Jun 28 09:17:57 HOSTNAME rsyslog_exporter[47086]: 2024/06/28 09:17:57 error handling stats line: unknown pstat type: 0, line was: 2024-06-28T09:17:57.877088+02:00 HOSTNAME rsyslogd-pstats: { "name": "global", "origin": "percentile", "values": { } }

The Forwarding to syslog missed xxx messages is already addressed, I think it is unrelated. What is suspicious is that every time theses terminations happen 3-4 times the reload is logged by rsyslog-imjournal

-silent is not set

We run the same setup also on Debian bullseye systems (rsyslog 8.2102.0) and do not see these terminations there.

aleroyer commented 1 month ago

Hello @TheMeier,

I think the exit of the exporter is related to the termination of your rsyslog process rsyslog.service: Main process exited, code=killed, status=7/BUS.

The exporter is started by rsyslog itself via omprog (doc)

If the program terminates, it is re-started. If rsyslog terminates, the program’s stdin will see EOF. The program must then terminate.

The log input ended, exiting normally is produced here: https://github.com/prometheus-community/rsyslog_exporter/blob/1b156170a378081348920102ebc026c45c1462ad/exporter.go#L205-L218

And as said in the bufio's Scanner.Scan():

It returns false when there are no more tokens, either by reaching the end of the input or an error. After Scan returns false, the Scanner.Err method will return any error that occurred during scanning, except that if it was io.EOF, Scanner.Err will return nil

From this analysis, I think rsyslog terminates, send a EOF to the exporter, then exit normally (else you would have the error reading input log before the exit). So the exporter is not involved in the termination of rsyslog here.

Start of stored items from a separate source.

(* Let $\mathcal{G}$ be a finite-dimensional solvable Lie algebra with basis $\{X_i\}$ and structure constants $[X_i,X_j]=C_{ij}^k X_k$, and let $S=\{\lambda_\alpha\}$ be a finite abelian semigroup with 2-selector $K_{\alpha\beta}^{\gamma}$. Then the $S$-expanded algebra $\mathcal{G}_S=S\otimes\mathcal{G}$ is solvable.
   Context: For a finite abelian semigroup $S=\{\lambda_\alpha\}$, the 2-selector is defined by $K_{\alpha\beta}^{\gamma}=1$ if $\lambda_\alpha\lambda_\beta=\lambda_\gamma$ and $0$ otherwise. The $S$-expanded algebra $\mathcal{G}_S=S\otimes\mathcal{G}$ is the vector space with basis $X_{(i,\alpha)}=\lambda_\alpha\otimes X_i$ and Lie bracket $[X_{(i,\alpha)},X_{(j,\beta)}]=K_{\alpha\beta}^{\gamma}C_{ij}^k X_{(k,\gamma)}$ (this is a Lie algebra). A Lie algebra $\mathcal{L}$ is solvable if the derived series $\mathcal{L}^{(0)}=\mathcal{L}$, $\mathcal{L}^{(n)}=[\mathcal{L}^{(n-1)},\mathcal{L}^{(n-1)}]$ reaches $0$. *)

From HB Require Import structures.
From mathcomp Require Import all_boot all_order all_algebra.
Set Implicit Arguments. Unset Strict Implicit. Unset Printing Implicit Defensive.
Import GRing.Theory.
Local Open Scope ring_scope.

(* A finite-dimensional Lie algebra over a field F is presented by a finite
   basis indexed by I and structure constants C i j k : [X_i, X_j] = sum_k C i j k X_k. *)

Definition is_lie_constants (F : fieldType) (I : finType) (C : I -> I -> I -> F) : Prop :=
  (forall i k, C i i k = 0) /\
  (forall i j k, C i j k = - C j i k) /\
  (forall i j k m,
     \sum_(l : I) (C i j l * C l k m + C j k l * C l i m + C k i l * C l j m) = 0).

Definition sc_bracket (F : fieldType) (I : finType) (C : I -> I -> I -> F)
  (x y : I -> F) : I -> F :=
  fun k => \sum_(i : I) \sum_(j : I) x i * y j * C i j k.

Inductive in_span (F : fieldType) (I : finType) (P : (I -> F) -> Prop) : (I -> F) -> Prop :=
  | span_zero : in_span P (fun _ => 0)
  | span_gen v : P v -> in_span P v
  | span_add v w : in_span P v -> in_span P w -> in_span P (fun i => v i + w i)
  | span_scale (a : F) v : in_span P v -> in_span P (fun i => a * v i).

Fixpoint derived (F : fieldType) (I : finType) (C : I -> I -> I -> F) (n : nat)
  : (I -> F) -> Prop :=
  match n with
  | 0 => fun _ => True
  | n'.+1 => in_span (fun v => exists x y, derived C n' x /\ derived C n' y
                                  /\ v = sc_bracket C x y)
  end.

Definition solvable_sc (F : fieldType) (I : finType) (C : I -> I -> I -> F) : Prop :=
  exists n : nat, forall v, derived C n v -> forall i, v i = 0.

Definition abelian_semigroup (S : Type) (mul : S -> S -> S) : Prop :=
  associative mul /\ commutative mul.

Definition selector (F : fieldType) (S : finType) (mul : S -> S -> S) (a b c : S) : F :=
  if mul a b == c then 1 else 0.

(* structure constants of the S-expanded algebra, basis X_(i,a) = lambda_a (x) X_i *)
Definition expanded_constants (F : fieldType) (I S : finType) (mul : S -> S -> S)
  (C : I -> I -> I -> F) (p q r : I * S) : F :=
  selector F mul p.2 q.2 r.2 * C p.1 q.1 r.1.

From mathcomp Require Import all_boot all_order all_algebra.
From Stdlib Require Import FunctionalExtensionality.
Set Implicit Arguments. Unset Strict Implicit. Unset Printing Implicit Defensive.
Import GRing.Theory.
Local Open Scope ring_scope.

(* The bracket of S ⊗ G only mixes the S-components through the selector, so
   the λ_c-component of [x, y] is a linear combination of brackets in G of the
   components of x and y.  By induction, every component of an element of the
   n-th derived algebra of S ⊗ G lies in the n-th derived algebra of G, which
   vanishes once G is solvable. *)

Lemma in_span_eqfun (F : fieldType) (I : finType) (P : (I -> F) -> Prop) (v w : I -> F) :
  v =1 w -> in_span P v -> in_span P w.
Proof. by move=> /functional_extensionality ->. Qed.

Lemma in_span_sum (F : fieldType) (I : finType) (A : Type) (P : (I -> F) -> Prop)
    (f : A -> I -> F) (r : seq A) :
  (forall a, in_span P (f a)) -> in_span P (fun k => \sum_(a <- r) f a k).
Proof.
move=> span_f; elim: r => [|a r IHr].
  by apply: in_span_eqfun (@span_zero _ _ P) => k; rewrite big_nil.
by apply: in_span_eqfun (span_add (span_f a) IHr) => k; rewrite big_cons.
Qed.

Section ExpandedAlgebra.

Variables (F : fieldType) (I S : finType) (mul : S -> S -> S) (C : I -> I -> I -> F).

Definition slice (v : I * S -> F) (a : S) : I -> F := fun i => v (i, a).

Lemma sum_pair (G : I * S -> F) : \sum_(p : I * S) G p = \sum_(i : I) \sum_(a : S) G (i, a).
Proof. by rewrite pair_big; apply: eq_bigr => -[i a]. Qed.

Lemma slice_expanded_bracket (x y : I * S -> F) (c : S) :
  slice (sc_bracket (expanded_constants mul C) x y) c =
  (fun k => \sum_(a : S) \sum_(b : S)
     selector F mul a b c * sc_bracket C (slice x a) (slice y b) k).
Proof.
apply: functional_extensionality => k.
rewrite /sc_bracket /expanded_constants /slice sum_pair exchange_big /=.
apply: eq_bigr => a _; under eq_bigr do rewrite sum_pair exchange_big.
rewrite exchange_big; apply: eq_bigr => b _.
rewrite mulr_sumr; apply: eq_bigr => i _; rewrite mulr_sumr; apply: eq_bigr => j _.
by rewrite mulrCA mulrA.
Qed.

Lemma derived_slice n v c :
  derived (expanded_constants mul C) n v -> derived C n (slice v c).
Proof.
elim: n v c => [//|n IHn] v c /=.
elim=> [|w [x [y [Dx [Dy ->]]]]|w1 w2 _ span1 _ span2|e w _ span_w].
- exact: span_zero.
- rewrite slice_expanded_bracket.
  apply: in_span_sum => a; apply: in_span_sum => b; apply: span_scale; apply: span_gen.
  by exists (slice x a), (slice y b); split; [exact: IHn | split; [exact: IHn |]].
- exact: span_add.
- exact: span_scale.
Qed.

End ExpandedAlgebra.

Theorem theorem1 (F : fieldType) (I : finType) (C : I -> I -> I -> F)
  (S : finType) (mul : S -> S -> S) :
  is_lie_constants C -> solvable_sc C -> abelian_semigroup mul ->
  solvable_sc (expanded_constants mul C).
Proof.
move=> _ [n derived_n_0] _; exists n => v Dv [i c].
exact: (derived_n_0 _ (derived_slice c Dv) i).
Qed.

I did some research on the Internet, and it seems your issue is the same as here which highlight this issue https://github.com/systemd/systemd/issues/24320 This issue appears in v250, fixed in v255. Bookworm is running v252, and bullseye v247.

TheMeier commented 1 month ago

Oooooh. Thank you so much @aleroyer. The issue links are very welcome. I will try to validate this ASAP. Sadly bookworm-backports only ships systemd v254 currently.